## Given entries
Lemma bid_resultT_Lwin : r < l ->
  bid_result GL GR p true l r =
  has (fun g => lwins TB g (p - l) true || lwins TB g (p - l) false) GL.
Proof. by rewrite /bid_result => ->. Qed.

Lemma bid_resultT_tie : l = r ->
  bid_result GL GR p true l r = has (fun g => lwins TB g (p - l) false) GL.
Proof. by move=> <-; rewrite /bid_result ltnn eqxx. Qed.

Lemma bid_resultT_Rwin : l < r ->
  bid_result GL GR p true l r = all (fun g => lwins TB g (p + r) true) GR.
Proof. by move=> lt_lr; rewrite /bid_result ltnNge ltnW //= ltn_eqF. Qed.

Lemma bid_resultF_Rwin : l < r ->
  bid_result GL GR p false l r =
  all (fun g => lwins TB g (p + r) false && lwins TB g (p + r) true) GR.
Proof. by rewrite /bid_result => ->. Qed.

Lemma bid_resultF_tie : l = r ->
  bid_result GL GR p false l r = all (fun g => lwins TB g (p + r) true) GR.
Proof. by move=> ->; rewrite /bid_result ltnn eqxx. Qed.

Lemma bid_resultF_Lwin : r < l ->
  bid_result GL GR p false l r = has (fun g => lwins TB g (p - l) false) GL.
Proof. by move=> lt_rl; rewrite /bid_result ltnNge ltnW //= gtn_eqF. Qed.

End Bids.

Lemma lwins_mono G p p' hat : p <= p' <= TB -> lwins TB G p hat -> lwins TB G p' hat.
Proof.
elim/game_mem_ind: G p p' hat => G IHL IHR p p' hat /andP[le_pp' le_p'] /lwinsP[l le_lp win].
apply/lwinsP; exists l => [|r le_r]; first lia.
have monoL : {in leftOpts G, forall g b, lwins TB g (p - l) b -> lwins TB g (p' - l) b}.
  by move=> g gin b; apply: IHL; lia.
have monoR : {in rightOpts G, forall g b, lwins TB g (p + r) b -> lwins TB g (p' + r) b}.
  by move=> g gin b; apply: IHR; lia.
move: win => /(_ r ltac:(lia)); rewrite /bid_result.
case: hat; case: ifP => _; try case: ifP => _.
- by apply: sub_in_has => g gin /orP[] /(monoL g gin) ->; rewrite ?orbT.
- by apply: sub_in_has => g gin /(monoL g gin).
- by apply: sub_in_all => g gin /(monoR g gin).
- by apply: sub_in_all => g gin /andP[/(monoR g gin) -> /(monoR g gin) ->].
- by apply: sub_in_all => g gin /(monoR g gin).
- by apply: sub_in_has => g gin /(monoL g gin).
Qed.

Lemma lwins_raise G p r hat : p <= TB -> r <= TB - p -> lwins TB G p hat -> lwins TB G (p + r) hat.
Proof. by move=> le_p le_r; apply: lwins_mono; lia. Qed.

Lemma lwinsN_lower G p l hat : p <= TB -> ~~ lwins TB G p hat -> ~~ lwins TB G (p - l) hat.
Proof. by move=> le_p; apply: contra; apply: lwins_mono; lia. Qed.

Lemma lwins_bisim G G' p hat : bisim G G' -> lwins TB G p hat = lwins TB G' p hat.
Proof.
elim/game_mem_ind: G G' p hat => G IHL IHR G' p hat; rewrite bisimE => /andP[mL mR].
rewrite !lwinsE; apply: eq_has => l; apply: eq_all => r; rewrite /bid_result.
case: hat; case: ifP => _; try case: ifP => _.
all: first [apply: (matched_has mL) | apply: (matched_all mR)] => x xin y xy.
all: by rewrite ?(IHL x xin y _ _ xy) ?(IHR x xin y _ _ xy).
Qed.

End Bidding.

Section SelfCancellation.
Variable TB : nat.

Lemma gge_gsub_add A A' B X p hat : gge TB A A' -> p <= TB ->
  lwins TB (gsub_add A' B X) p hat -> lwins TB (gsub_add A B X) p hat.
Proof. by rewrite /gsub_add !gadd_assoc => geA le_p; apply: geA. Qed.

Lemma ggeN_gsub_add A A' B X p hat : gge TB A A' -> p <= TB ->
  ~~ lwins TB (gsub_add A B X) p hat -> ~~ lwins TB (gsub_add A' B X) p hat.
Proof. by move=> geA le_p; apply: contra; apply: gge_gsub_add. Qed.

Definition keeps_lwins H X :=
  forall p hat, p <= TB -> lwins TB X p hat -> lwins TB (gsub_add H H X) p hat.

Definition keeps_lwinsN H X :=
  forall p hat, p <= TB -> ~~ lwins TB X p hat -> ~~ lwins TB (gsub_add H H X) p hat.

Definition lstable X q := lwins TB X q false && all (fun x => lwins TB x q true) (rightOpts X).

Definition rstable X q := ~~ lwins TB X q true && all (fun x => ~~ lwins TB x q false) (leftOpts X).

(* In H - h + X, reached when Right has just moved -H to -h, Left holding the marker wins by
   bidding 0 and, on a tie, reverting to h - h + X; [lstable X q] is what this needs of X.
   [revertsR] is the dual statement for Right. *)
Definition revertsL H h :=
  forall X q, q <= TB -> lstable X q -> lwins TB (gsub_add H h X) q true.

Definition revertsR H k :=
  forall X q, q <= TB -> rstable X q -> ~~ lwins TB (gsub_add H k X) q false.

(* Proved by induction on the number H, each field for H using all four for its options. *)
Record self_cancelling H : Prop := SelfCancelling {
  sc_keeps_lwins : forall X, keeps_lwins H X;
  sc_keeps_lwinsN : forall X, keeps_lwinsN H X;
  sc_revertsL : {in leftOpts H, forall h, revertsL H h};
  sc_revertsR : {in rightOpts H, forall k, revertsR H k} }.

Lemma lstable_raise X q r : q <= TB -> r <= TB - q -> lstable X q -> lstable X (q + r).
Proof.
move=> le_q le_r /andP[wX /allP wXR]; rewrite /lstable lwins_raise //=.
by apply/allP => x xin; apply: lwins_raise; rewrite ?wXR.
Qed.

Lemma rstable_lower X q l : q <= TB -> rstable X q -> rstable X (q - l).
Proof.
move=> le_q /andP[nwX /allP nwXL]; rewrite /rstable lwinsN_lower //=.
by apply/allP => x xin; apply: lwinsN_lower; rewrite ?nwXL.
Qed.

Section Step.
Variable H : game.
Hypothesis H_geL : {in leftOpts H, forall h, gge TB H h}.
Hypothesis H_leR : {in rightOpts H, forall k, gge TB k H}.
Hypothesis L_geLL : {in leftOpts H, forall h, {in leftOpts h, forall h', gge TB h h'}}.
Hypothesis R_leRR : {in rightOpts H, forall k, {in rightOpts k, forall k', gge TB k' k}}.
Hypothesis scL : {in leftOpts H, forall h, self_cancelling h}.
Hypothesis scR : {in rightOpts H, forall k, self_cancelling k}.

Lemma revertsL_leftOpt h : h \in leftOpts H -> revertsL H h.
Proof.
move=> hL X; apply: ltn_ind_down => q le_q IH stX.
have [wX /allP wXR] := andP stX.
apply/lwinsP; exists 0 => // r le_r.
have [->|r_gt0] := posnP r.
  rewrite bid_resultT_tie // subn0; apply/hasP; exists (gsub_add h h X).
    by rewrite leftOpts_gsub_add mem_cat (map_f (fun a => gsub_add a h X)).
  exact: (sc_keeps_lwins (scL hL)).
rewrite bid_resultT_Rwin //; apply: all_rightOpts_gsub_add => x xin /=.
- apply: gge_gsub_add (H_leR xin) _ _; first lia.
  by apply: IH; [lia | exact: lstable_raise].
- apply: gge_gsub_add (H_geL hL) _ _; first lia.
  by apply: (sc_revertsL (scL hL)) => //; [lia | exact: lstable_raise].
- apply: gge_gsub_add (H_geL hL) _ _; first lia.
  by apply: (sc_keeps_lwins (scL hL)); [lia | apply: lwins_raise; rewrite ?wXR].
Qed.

## Work required
Quote the line that contains "have [wX /allP wXR] := andP stX." and each line after it through the end of the data, exactly, leaving out everything else.

## Answer
have [wX /allP wXR] := andP stX.
apply/lwinsP; exists 0 => // r le_r.
have [->|r_gt0] := posnP r.
  rewrite bid_resultT_tie // subn0; apply/hasP; exists (gsub_add h h X).
    by rewrite leftOpts_gsub_add mem_cat (map_f (fun a => gsub_add a h X)).
  exact: (sc_keeps_lwins (scL hL)).
rewrite bid_resultT_Rwin //; apply: all_rightOpts_gsub_add => x xin /=.
- apply: gge_gsub_add (H_leR xin) _ _; first lia.
  by apply: IH; [lia | exact: lstable_raise].
- apply: gge_gsub_add (H_geL hL) _ _; first lia.
  by apply: (sc_revertsL (scL hL)) => //; [lia | exact: lstable_raise].
- apply: gge_gsub_add (H_geL hL) _ _; first lia.
  by apply: (sc_keeps_lwins (scL hL)); [lia | apply: lwins_raise; rewrite ?wXR].
Qed.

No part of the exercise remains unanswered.